Sex-stratified hazard ratios (adjusted for age, body mass index, systolic blood pressure, serum total cholesterol, serum total cholesterol level, serum high-density lipoprotein-cholesterol level, serum triglyceride level [log], antidyslipidemic medication use [yes or no], blood glucose level [normal, pre–diabetes mellitus, and diabetes mellitus], anti–diabetes mellitus medication use [yes or no], and smoking status [never smoker, ex-smoker, or current smoker <20 or ≥ 20 cigarettes/d]) and 95% confidence intervals of hypertension according to level of daily alcohol (ethanol) consumption among 37 310 men and 78 426 women in Ibaraki, Japan, 1993–2010. A, All men (40–79 years) and (B) all women (40–79 years). †P for the trend was calculated using a Cox proportional hazard regression model adjusted for the variables, as described above.

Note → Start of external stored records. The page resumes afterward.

(* Let $\{\tilde\alpha,\tilde\beta\}$ be a dual timelike - spacelike Mannheim pair in $ID_1^3$. Then the dual curvature $P$ and dual torsion $Q$ of $\tilde\beta$ and the dual torsion $\tau$ of $\tilde\alpha$ satisfy $$P^2-Q^2=\tau^2\left(\frac{ds}{ds^*}\right)^2.$$
   Context: Dual numbers: $ID=\{a+\varepsilon a^*: a,a^*\in\mathbb R\}$ with $\varepsilon^2=0$. $ID_1^3$ is $ID^3$ with dual Lorentzian inner product $\langle \vec A,\vec B\rangle=\langle\vec a,\vec b\rangle+\varepsilon(\langle\vec a,\vec b^*\rangle+\langle\vec a^*,\vec b\rangle)$, $\langle\vec a,\vec b\rangle=-a_1b_1+a_2b_2+a_3b_3$. $\tilde\alpha$ is a dual timelike curve with dual arc length $s$, Frenet frame $\{T,N,B\}$ ($T$ timelike, $N,B$ spacelike unit), $T'=\kappa N$, $N'=\kappa T+\tau B$, $B'=-\tau N$. $\tilde\beta$ is a dual spacelike curve with dual timelike binormal, arc length $s^*$, frame $\{V_1,V_2,V_3\}$ ($V_3$ timelike), $V_1'=PV_2$, $V_2'=-PV_1+QV_3$, $V_3'=QV_2$. A dual timelike - spacelike Mannheim pair means that under a correspondence $s\mapsto s^*$ the dual binormal line of $\tilde\alpha$ coincides with the dual principal normal line of $\tilde\beta$ at corresponding points, i.e. $\tilde\beta(s^* )=\tilde\alpha(s)+\lambda B(s)$. *)

From Stdlib Require Import Reals.
From Coquelicot Require Import Coquelicot.
Open Scope R_scope.

(** Dual numbers ID = { a + eps a_ }, eps^2 = 0. *)
Record dual := mkD { re : R; du : R }.

Definition dzero : dual := mkD 0 0.
Definition done_ : dual := mkD 1 0.
Definition dadd (x y : dual) : dual := mkD (re x + re y) (du x + du y).
Definition dopp (x : dual) : dual := mkD (- re x) (- du x).
Definition dsub (x y : dual) : dual := dadd x (dopp y).
Definition dmul (x y : dual) : dual :=
  mkD (re x * re y) (re x * du y + du x * re y).
(* inverse of a dual number with nonzero real part:
   (a + eps a')^-1 = 1/a - eps a'/a^2 *)
Definition dinv (x : dual) : dual := mkD (/ re x) (- du x / (re x * re x)).
Definition ddiv (x y : dual) : dual := dmul x (dinv y).
Definition dsq (x : dual) : dual := dmul x x.

Record dvec := mkV { c1 : dual; c2 : dual; c3 : dual }.

Definition vadd (A B : dvec) : dvec :=
  mkV (dadd (c1 A) (c1 B)) (dadd (c2 A) (c2 B)) (dadd (c3 A) (c3 B)).
Definition vscale (k : dual) (A : dvec) : dvec :=
  mkV (dmul k (c1 A)) (dmul k (c2 A)) (dmul k (c3 A)).
Definition vopp (A : dvec) : dvec := vscale (dopp done_) A.

(** Dual Lorentzian inner product on ID^3_1:
    <A,B> = -A1 B1 + A2 B2 + A3 B3 computed in the dual numbers, which is
    exactly <a,b> + eps (<a,b_> + <a_,b>). *)
Definition dinner (A B : dvec) : dual :=
  dadd (dopp (dmul (c1 A) (c1 B))) (dadd (dmul (c2 A) (c2 B)) (dmul (c3 A) (c3 B))).

Definition dual_derive (f : R -> dual) (t : R) (d : dual) : Prop :=
  is_derive (fun u => re (f u)) t (re d) /\ is_derive (fun u => du (f u)) t (du d).

Definition vec_derive (F : R -> dvec) (t : R) (D : dvec) : Prop :=
  dual_derive (fun u => c1 (F u)) t (c1 D) /\
  dual_derive (fun u => c2 (F u)) t (c2 D) /\
  dual_derive (fun u => c3 (F u)) t (c3 D).

(** Dual timelike curve alpha with dual arc length s (ds/dt = sigma) and
    Frenet frame {T,N,B}, T timelike, N, B spacelike:
    dT/ds = kappa N, dN/ds = kappa T + tau B, dB/ds = - tau N,
    where d/ds = (1/sigma) d/dt, i.e. d/dt = sigma d/ds. *)
Definition timelike_frenet (alpha T N Bn : R -> dvec) (s sigma kappa tau : R -> dual)
  : Prop :=
  forall t,
    re (sigma t) <> 0 /\
    dual_derive s t (sigma t) /\
    vec_derive alpha t (vscale (sigma t) (T t)) /\
    dinner (T t) (T t) = dopp done_ /\
    dinner (N t) (N t) = done_ /\
    dinner (Bn t) (Bn t) = done_ /\
    dinner (T t) (N t) = dzero /\
    dinner (T t) (Bn t) = dzero /\
    dinner (N t) (Bn t) = dzero /\
    vec_derive T t (vscale (sigma t) (vscale (kappa t) (N t))) /\
    vec_derive N t (vscale (sigma t)
                      (vadd (vscale (kappa t) (T t)) (vscale (tau t) (Bn t)))) /\
    vec_derive Bn t (vscale (sigma t) (vopp (vscale (tau t) (N t)))).

(** Dual spacelike curve beta with dual timelike binormal V3, dual arc
    length s^ (ds^/dt = sigmas), Frenet frame {V1,V2,V3}:
    V1' = P V2, V2' = - P V1 + Q V3, V3' = Q V2  (derivatives in s^). *)
Definition spacelike_tbinormal_frenet (beta V1 V2 V3 : R -> dvec)
  (ss sigmas P Q : R -> dual) : Prop :=
  forall t,
    re (sigmas t) <> 0 /\
    dual_derive ss t (sigmas t) /\
    vec_derive beta t (vscale (sigmas t) (V1 t)) /\
    dinner (V1 t) (V1 t) = done_ /\
    dinner (V2 t) (V2 t) = done_ /\
    dinner (V3 t) (V3 t) = dopp done_ /\
    dinner (V1 t) (V2 t) = dzero /\
    dinner (V1 t) (V3 t) = dzero /\
    dinner (V2 t) (V3 t) = dzero /\
    vec_derive V1 t (vscale (sigmas t) (vscale (P t) (V2 t))) /\
    vec_derive V2 t (vscale (sigmas t)
                       (vadd (vopp (vscale (P t) (V1 t))) (vscale (Q t) (V3 t)))) /\
    vec_derive V3 t (vscale (sigmas t) (vscale (Q t) (V2 t))).

(** Dual timelike - spacelike Mannheim pair: at corresponding points
    (same parameter t) the dual binormal line of alpha coincides with the
    dual principal normal line of beta: beta = alpha + lambda B and the unit
    directions agree up to sign (V2 = +-B). *)
Definition mannheim_pair (alpha Bn beta V2 : R -> dvec) (lambda : R -> dual) : Prop :=
  forall t,
    beta t = vadd (alpha t) (vscale (lambda t) (Bn t)) /\
    (V2 t = Bn t \/ V2 t = vopp (Bn t)).

(** Along a Mannheim pair the principal normal [V2] of [beta] equals [+-B] with
    [B] the binormal of [alpha]; the sign is locally constant, so differentiating
    gives [V2' = +-B'], whence both derivatives have the same Lorentzian square.
    By the two Frenet systems, that square is [sigmas^2 (P^2 - Q^2)] for [V2'] and
    [sigma^2 tau^2] for [B']; dividing by [sigmas^2] gives the claim. *)

From Pilot Require Import Defs.
From Stdlib Require Import Reals Lra.
From Coquelicot Require Import Coquelicot.
(* Coquelicot also defines [c1]; re-importing gives [Defs] precedence. *)
Import Pilot.Defs.

Lemma dual_eq (x y : dual) : re x = re y -> du x = du y -> x = y.
Proof. destruct x, y; simpl; intros; subst; reflexivity. Qed.

Lemma dvec_eq (A B : dvec) : c1 A = c1 B -> c2 A = c2 B -> c3 A = c3 B -> A = B.
Proof. destruct A, B; simpl; intros; subst; reflexivity. Qed.

Ltac dual_ring := apply dual_eq; simpl; ring.

Lemma dinner_vscale_l (k : dual) (A B : dvec) :
  dinner (vscale k A) B = dmul k (dinner A B).
Proof. destruct A, B; unfold dinner; simpl; dual_ring. Qed.

Lemma dinner_vscale_r (k : dual) (A B : dvec) :
  dinner A (vscale k B) = dmul k (dinner A B).
Proof. destruct A, B; unfold dinner; simpl; dual_ring. Qed.

Lemma dinner_vadd_l (A B C : dvec) :
  dinner (vadd A B) C = dadd (dinner A C) (dinner B C).
Proof. destruct A, B, C; unfold dinner; simpl; dual_ring. Qed.

Lemma dinner_vadd_r (A B C : dvec) :
  dinner A (vadd B C) = dadd (dinner A B) (dinner A C).
Proof. destruct A, B, C; unfold dinner; simpl; dual_ring. Qed.

Lemma dinner_sym (A B : dvec) : dinner A B = dinner B A.
Proof. destruct A, B; unfold dinner; simpl; dual_ring. Qed.

Lemma dinner_vopp_self (A : dvec) : dinner (vopp A) (vopp A) = dinner A A.
Proof. destruct A; unfold dinner; simpl; dual_ring. Qed.

Lemma dinner_self_spacelike_timelike_combination (X Y : dvec) (a b c : dual) :
  dinner X X = done_ -> dinner Y Y = dopp done_ -> dinner X Y = dzero ->
  let Z := vscale c (vadd (vopp (vscale a X)) (vscale b Y)) in
  dinner Z Z = dmul (dsq c) (dsub (dsq a) (dsq b)).
Proof.
  intros HX HY HXY; simpl; unfold vopp.
  rewrite !dinner_vscale_l, !dinner_vscale_r, !dinner_vadd_l, !dinner_vadd_r.
  rewrite !dinner_vscale_l, !dinner_vscale_r, (dinner_sym Y X), HX, HY, HXY.
  dual_ring.
Qed.

Lemma dinner_self_scaled_unit (N : dvec) (a c : dual) :
  dinner N N = done_ ->
  let Z := vscale c (vopp (vscale a N)) in dinner Z Z = dmul (dsq c) (dsq a).
Proof.
  intros HN; simpl; unfold vopp.
  rewrite !dinner_vscale_l, !dinner_vscale_r, HN; dual_ring.
Qed.

Lemma dual_sq_cancel (a b x y : dual) :
  re a <> 0 -> dmul (dsq a) x = dmul (dsq b) y -> x = dmul y (dsq (ddiv b a)).
Proof.
  destruct a as [a a'], b as [b b'], x as [x x'], y as [y y']; simpl.
  intros Ha E; injection E; clear E; intros Edu Ere.
  apply dual_eq; simpl.
  - apply (Rmult_eq_reg_l (a * a)); [| now apply Rmult_integral_contrapositive].
    field_simplify; [nra | exact Ha].
  - apply (Rmult_eq_reg_l (a * a * a));
      [| now repeat apply Rmult_integral_contrapositive_currified].
    field_simplify; [| exact Ha].
    pose proof (f_equal (Rmult a) Edu); pose proof (f_equal (Rmult a') Ere); lra.
Qed.


Lemma is_derive_Rmult (f g : R -> R) (t df dg : R) :
  is_derive f t df -> is_derive g t dg ->
  is_derive (fun u => f u * g u) t (df * g t + f t * dg).
Proof. intros Hf Hg; apply (is_derive_mult f g); auto using Rmult_comm. Qed.

Lemma dual_derive_unique (f : R -> dual) (t : R) (d e : dual) :
  dual_derive f t d -> dual_derive f t e -> d = e.
Proof.
  intros [Hr Hd] [Er Ed].
  apply dual_eq.
  - now rewrite <- (is_derive_unique _ _ _ Hr), (is_derive_unique _ _ _ Er).
  - now rewrite <- (is_derive_unique _ _ _ Hd), (is_derive_unique _ _ _ Ed).
Qed.

Lemma vec_derive_unique (F : R -> dvec) (t : R) (D E : dvec) :
  vec_derive F t D -> vec_derive F t E -> D = E.
Proof.
  intros (H1 & H2 & H3) (E1 & E2 & E3).
  apply dvec_eq; eapply dual_derive_unique; eassumption.
Qed.

Lemma vec_derive_ext_loc (F G : R -> dvec) (t : R) (D : dvec) :
  locally t (fun u => F u = G u) -> vec_derive F t D -> vec_derive G t D.
Proof.
  intros HFG ((a1 & b1) & (a2 & b2) & (a3 & b3)).
  repeat split; (eapply is_derive_ext_loc; [| eassumption]);
    (eapply filter_imp; [| exact HFG]); intros u Hu; now rewrite Hu.
Qed.

Lemma dual_derive_add (f g : R -> dual) (t : R) (df dg : dual) :
  dual_derive f t df -> dual_derive g t dg ->
  dual_derive (fun u => dadd (f u) (g u)) t (dadd df dg).
Proof.
  intros [fr fd] [gr gd]; split; simpl.
  - exact (is_derive_plus _ _ _ _ _ fr gr).
  - exact (is_derive_plus _ _ _ _ _ fd gd).
Qed.

Lemma dual_derive_opp (f : R -> dual) (t : R) (df : dual) :
  dual_derive f t df -> dual_derive (fun u => dopp (f u)) t (dopp df).
Proof.
  intros [fr fd]; split; simpl.
  - exact (is_derive_opp _ _ _ fr).
  - exact (is_derive_opp _ _ _ fd).
Qed.

Lemma dual_derive_mul (f g : R -> dual) (t : R) (df dg : dual) :
  dual_derive f t df -> dual_derive g t dg ->
  dual_derive (fun u => dmul (f u) (g u)) t
    (dadd (dmul df (g t)) (dmul (f t) dg)).
Proof.
  intros [fr fd] [gr gd]; split; simpl.
  - now apply is_derive_Rmult.
  - pose proof (is_derive_plus _ _ _ _ _ (is_derive_Rmult _ _ _ _ _ fr gd)
                                  (is_derive_Rmult _ _ _ _ _ fd gr)) as H.
    unfold plus in H; simpl in H.
    match type of H with is_derive _ _ ?l =>
      match goal with |- is_derive _ _ ?l' => replace l' with l by ring end end.
    exact H.
Qed.

Lemma dual_derive_const (k : dual) (t : R) : dual_derive (fun _ => k) t dzero.
Proof. split; exact (is_derive_const _ t). Qed.

Lemma dual_derive_scal (k : dual) (f : R -> dual) (t : R) (df : dual) :
  dual_derive f t df -> dual_derive (fun u => dmul k (f u)) t (dmul k df).
Proof.
  intros Hf.
  replace (dmul k df) with (dadd (dmul dzero (f t)) (dmul k df)) by dual_ring.
  exact (dual_derive_mul _ _ _ _ _ (dual_derive_const k t) Hf).
Qed.

Lemma vec_derive_vopp (F : R -> dvec) (t : R) (D : dvec) :
  vec_derive F t D -> vec_derive (fun u => vopp (F u)) t (vopp D).
Proof. intros (H1 & H2 & H3); split; [| split]; now apply dual_derive_scal. Qed.

Lemma dual_derive_dinner (F G : R -> dvec) (t : R) (DF DG : dvec) :
  vec_derive F t DF -> vec_derive G t DG ->
  dual_derive (fun u => dinner (F u) (G u)) t
    (dadd (dinner DF (G t)) (dinner (F t) DG)).
Proof.
  intros (F1 & F2 & F3) (G1 & G2 & G3).
  pose proof (dual_derive_add _ _ _ _ _
    (dual_derive_opp _ _ _ (dual_derive_mul _ _ _ _ _ F1 G1))
    (dual_derive_add _ _ _ _ _ (dual_derive_mul _ _ _ _ _ F2 G2)
                               (dual_derive_mul _ _ _ _ _ F3 G3))) as H.
  match type of H with dual_derive _ _ ?d =>
    replace (dadd (dinner DF (G t)) (dinner (F t) DG)) with d
      by (unfold dinner; dual_ring) end.
  exact H.
Qed.

Lemma dual_derive_continuous_re (f : R -> dual) (t : R) (d : dual) :
  dual_derive f t d -> continuous (fun u => re (f u)) t.
Proof.
  intros [Hr _]; apply (ex_derive_continuous (K := R_AbsRing) (V := R_NormedModule)).
  now exists (re d).
Qed.


(* The sign is read off the continuous function [re <F, G>], which only takes the
   values [1] and [-1]. *)
Lemma unit_sign_locally_constant (F G : R -> dvec) (t : R) (DF DG : dvec) :
  (forall u, dinner (G u) (G u) = done_) ->
  (forall u, F u = G u \/ F u = vopp (G u)) ->
  vec_derive F t DF -> vec_derive G t DG ->
  locally t (fun u => F u = G u) \/ locally t (fun u => F u = vopp (G u)).
Proof.
  intros HG Hsign HF HDG.
  set (g u := re (dinner (F u) (G u))).
  assert (g_pos : forall u, F u = G u -> g u = 1).
  { intros u E; unfold g; now rewrite E, HG. }
  assert (g_neg : forall u, F u = vopp (G u) -> g u = -1).
  { intros u E; unfold g; rewrite E; unfold vopp, dinner; simpl.
    pose proof (f_equal re (HG u)) as H; unfold dinner in H; simpl in H; lra. }
  assert (near_gt : locally t (fun u => Rabs (g u - g t) < 1)).
  { pose proof (dual_derive_continuous_re _ _ _ (dual_derive_dinner _ _ _ _ _ HF HDG))
      as Hc.
    exact (proj1 (filterlim_locally g (g t)) Hc (mkposreal 1 Rlt_0_1)). }
  destruct (Hsign t) as [Et | Et]; [left | right];
    (eapply filter_imp; [| exact near_gt]); intros u Hu;
    cbv beta in Hu; destruct (Hsign u) as [Eu | Eu]; try exact Eu; exfalso.
  - rewrite (g_neg u Eu), (g_pos t Et) in Hu; apply Rabs_def2 in Hu; lra.
  - rewrite (g_pos u Eu), (g_neg t Et) in Hu; apply Rabs_def2 in Hu; lra.
Qed.

Lemma vec_derive_unit_sign (F G : R -> dvec) (t : R) (DF DG : dvec) :
  (forall u, dinner (G u) (G u) = done_) ->
  (forall u, F u = G u \/ F u = vopp (G u)) ->
  vec_derive F t DF -> vec_derive G t DG -> DF = DG \/ DF = vopp DG.
Proof.
  intros HG Hsign HF HDG.
  destruct (unit_sign_locally_constant F G t DF DG HG Hsign HF HDG) as [L | L];
    [left | right]; apply (vec_derive_unique F t DF); [exact HF | | exact HF |].
  - apply (vec_derive_ext_loc G); [| exact HDG].
    eapply filter_imp; [| exact L]; intros u Hu; now symmetry.
  - apply (vec_derive_ext_loc (fun u => vopp (G u))); [| now apply vec_derive_vopp].
    eapply filter_imp; [| exact L]; intros u Hu; now symmetry.
Qed.

Theorem corollary3p4
  (alpha T N Bn : R -> dvec) (s sigma kappa tau : R -> dual)
  (beta V1 V2 V3 : R -> dvec) (ss sigmas P Q : R -> dual)
  (lambda : R -> dual) :
  timelike_frenet alpha T N Bn s sigma kappa tau ->
  spacelike_tbinormal_frenet beta V1 V2 V3 ss sigmas P Q ->
  mannheim_pair alpha Bn beta V2 lambda ->
  forall t : R,
    dsub (dsq (P t)) (dsq (Q t)) =
    dmul (dsq (tau t)) (dsq (ddiv (sigma t) (sigmas t))).
Proof.
  intros Halpha Hbeta Hpair t.
  assert (B_unit : forall u, dinner (Bn u) (Bn u) = done_) by (intro u; apply Halpha).
  assert (V2_sign : forall u, V2 u = Bn u \/ V2 u = vopp (Bn u)) by (intro u; apply Hpair).
  destruct (Halpha t) as (_ & _ & _ & _ & N_unit & _ & _ & _ & _ & _ & _ & dB).
  destruct (Hbeta t) as (sigmas_nz & _ & _ & V1_unit & _ & V3_unit & _ & V1V3 & _ & _ & dV2 & _).
  assert (same_square : forall D E : dvec, D = E \/ D = vopp E -> dinner D D = dinner E E).
  { intros D E [-> | ->]; [reflexivity | apply dinner_vopp_self]. }
  pose proof (same_square _ _ (vec_derive_unit_sign V2 Bn t _ _ B_unit V2_sign dV2 dB))
    as Hsq.
  rewrite (dinner_self_spacelike_timelike_combination _ _ _ _ _ V1_unit V3_unit V1V3),
    (dinner_self_scaled_unit _ _ _ N_unit) in Hsq.
  exact (dual_sq_cancel _ _ _ _ sigmas_nz Hsq).
Qed.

Figure 2 presents sex- and age-stratified HRs for hypertension according to the alcohol consumption categories. Significant associations between alcohol consumption and the risk of incident hypertension were found in both sexes and in both age groups. Among men aged 40 to 59 years, the multivariable HR for hypertension was significantly higher for higher alcohol consumption (P for trend, <0.001). Among men aged 60 to 79 years, the multivariable HR for hypertension was significantly higher for higher alcohol consumption (P for trend, <0.001). The effect of alcohol consumption on the risk of hypertension did not differ significantly between men aged 40 to 59 and 60 to 79 years (P for interaction, 0.275). Among women aged 40 to 59 years, the multivariable HR for hypertension was significantly higher among participants who consumed 20.0 to 39.9 g/d, and a significant trend was observed (P for trend, 0.004). In women aged 60 to 79 years, the multivariable HR for hypertension was significantly higher for higher alcohol consumption (P for trend, 0.026). The effect of alcohol consumption on the risk of hypertension did not differ significantly between women aged 40 to 59 and 60 to 79 years (P for interaction, 0.574).

Figure 2.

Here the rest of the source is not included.